WORK ORDER: Write out again, exactly, the lines below starting at the one with "Definition homog_mx (p" and ending at the one with "Definition sbracket (p".

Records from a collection

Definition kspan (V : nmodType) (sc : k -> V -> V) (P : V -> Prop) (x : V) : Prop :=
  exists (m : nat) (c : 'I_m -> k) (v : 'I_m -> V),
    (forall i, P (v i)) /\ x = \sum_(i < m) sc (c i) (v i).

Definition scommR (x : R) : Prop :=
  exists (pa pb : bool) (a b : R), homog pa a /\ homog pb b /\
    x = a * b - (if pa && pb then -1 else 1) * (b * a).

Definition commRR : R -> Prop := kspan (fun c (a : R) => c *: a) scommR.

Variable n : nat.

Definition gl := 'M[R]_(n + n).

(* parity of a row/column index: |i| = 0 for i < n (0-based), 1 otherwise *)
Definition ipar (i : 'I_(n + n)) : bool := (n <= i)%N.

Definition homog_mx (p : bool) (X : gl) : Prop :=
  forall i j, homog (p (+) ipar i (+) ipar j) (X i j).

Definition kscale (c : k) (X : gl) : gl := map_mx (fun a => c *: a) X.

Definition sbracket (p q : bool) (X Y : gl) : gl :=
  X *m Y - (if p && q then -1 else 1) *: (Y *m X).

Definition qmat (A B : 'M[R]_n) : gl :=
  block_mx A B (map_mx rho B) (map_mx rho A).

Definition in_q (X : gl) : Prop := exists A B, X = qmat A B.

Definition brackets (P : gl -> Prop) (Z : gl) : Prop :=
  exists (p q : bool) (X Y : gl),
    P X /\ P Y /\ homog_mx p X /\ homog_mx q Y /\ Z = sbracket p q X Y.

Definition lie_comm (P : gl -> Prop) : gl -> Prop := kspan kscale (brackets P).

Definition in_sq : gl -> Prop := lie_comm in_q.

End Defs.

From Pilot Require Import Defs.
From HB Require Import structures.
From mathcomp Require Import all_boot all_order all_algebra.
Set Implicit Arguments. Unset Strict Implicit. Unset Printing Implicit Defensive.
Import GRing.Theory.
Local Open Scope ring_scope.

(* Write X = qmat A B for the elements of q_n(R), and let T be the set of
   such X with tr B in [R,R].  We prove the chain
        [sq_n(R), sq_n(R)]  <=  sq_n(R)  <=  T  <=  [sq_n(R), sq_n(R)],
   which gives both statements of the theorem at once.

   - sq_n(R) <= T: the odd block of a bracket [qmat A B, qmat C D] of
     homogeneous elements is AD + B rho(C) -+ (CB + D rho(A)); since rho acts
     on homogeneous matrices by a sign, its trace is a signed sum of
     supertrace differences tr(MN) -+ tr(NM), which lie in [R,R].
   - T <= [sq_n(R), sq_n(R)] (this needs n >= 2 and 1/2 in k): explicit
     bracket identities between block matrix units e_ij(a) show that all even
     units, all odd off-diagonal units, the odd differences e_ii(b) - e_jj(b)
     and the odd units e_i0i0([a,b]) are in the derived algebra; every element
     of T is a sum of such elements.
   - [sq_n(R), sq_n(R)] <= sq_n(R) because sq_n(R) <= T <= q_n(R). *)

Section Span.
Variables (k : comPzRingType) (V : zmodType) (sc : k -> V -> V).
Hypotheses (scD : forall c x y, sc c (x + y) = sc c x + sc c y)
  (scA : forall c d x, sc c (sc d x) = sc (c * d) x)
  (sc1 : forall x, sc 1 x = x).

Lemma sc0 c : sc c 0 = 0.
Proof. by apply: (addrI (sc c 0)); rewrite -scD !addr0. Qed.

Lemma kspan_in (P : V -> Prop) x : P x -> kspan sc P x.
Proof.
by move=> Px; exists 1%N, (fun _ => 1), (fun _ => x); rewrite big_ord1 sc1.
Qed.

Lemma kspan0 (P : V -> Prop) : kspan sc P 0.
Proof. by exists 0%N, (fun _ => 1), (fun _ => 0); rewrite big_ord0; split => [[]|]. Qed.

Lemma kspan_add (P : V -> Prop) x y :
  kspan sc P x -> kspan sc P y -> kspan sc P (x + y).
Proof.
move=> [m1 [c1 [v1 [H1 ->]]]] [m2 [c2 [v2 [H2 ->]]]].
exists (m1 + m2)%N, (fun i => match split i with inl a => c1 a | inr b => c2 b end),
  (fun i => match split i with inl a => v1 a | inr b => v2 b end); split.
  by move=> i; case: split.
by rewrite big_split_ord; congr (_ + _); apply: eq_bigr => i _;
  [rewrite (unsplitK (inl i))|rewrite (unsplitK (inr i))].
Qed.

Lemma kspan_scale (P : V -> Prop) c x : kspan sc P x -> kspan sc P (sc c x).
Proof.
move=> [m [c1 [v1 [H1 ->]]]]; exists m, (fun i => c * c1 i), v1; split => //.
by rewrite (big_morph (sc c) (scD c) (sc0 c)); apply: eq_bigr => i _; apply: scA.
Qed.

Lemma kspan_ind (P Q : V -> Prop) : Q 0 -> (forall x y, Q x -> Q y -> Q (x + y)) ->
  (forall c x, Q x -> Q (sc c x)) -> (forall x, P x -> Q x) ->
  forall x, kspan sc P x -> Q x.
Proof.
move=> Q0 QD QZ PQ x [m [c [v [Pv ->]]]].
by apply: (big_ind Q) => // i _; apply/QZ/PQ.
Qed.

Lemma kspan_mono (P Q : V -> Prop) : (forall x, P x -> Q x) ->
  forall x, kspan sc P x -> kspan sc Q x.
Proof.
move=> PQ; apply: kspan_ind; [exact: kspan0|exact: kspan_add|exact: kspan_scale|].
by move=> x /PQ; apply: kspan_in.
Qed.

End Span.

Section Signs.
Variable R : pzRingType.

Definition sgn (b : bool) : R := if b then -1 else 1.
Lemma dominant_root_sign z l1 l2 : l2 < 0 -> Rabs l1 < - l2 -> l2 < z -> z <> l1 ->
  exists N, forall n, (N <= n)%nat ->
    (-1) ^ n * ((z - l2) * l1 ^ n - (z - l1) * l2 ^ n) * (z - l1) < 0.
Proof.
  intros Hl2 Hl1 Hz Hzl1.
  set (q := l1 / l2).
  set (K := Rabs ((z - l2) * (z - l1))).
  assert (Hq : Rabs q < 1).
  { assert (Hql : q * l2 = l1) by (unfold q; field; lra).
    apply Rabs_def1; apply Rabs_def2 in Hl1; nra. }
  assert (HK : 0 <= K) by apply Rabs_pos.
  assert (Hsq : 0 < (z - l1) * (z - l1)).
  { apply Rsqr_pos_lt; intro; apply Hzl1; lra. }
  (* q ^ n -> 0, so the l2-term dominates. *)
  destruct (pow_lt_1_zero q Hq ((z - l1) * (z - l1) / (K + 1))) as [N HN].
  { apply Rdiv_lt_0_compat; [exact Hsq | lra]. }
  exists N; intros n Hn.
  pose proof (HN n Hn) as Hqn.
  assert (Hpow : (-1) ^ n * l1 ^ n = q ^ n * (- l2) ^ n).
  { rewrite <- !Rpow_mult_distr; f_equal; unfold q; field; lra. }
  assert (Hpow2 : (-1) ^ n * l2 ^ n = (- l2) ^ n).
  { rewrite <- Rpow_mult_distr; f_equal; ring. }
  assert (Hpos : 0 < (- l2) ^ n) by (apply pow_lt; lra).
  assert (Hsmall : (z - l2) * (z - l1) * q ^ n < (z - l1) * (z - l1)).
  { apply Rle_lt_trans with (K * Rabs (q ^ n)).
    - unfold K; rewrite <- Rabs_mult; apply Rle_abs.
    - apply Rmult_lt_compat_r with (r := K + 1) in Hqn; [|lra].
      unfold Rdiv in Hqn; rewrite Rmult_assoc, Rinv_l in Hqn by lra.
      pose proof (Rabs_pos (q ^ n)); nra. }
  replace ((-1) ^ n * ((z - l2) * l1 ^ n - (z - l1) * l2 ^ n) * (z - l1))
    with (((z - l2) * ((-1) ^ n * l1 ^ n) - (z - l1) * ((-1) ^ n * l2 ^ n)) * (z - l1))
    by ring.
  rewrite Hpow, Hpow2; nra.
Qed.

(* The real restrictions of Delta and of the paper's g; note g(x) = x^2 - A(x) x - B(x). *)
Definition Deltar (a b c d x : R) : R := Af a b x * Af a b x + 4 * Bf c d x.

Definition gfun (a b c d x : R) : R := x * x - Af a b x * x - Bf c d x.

TASK RESULT:
Definition homog_mx (p : bool) (X : gl) : Prop :=
  forall i j, homog (p (+) ipar i (+) ipar j) (X i j).

Definition kscale (c : k) (X : gl) : gl := map_mx (fun a => c *: a) X.

Definition sbracket (p q : bool) (X Y : gl) : gl :=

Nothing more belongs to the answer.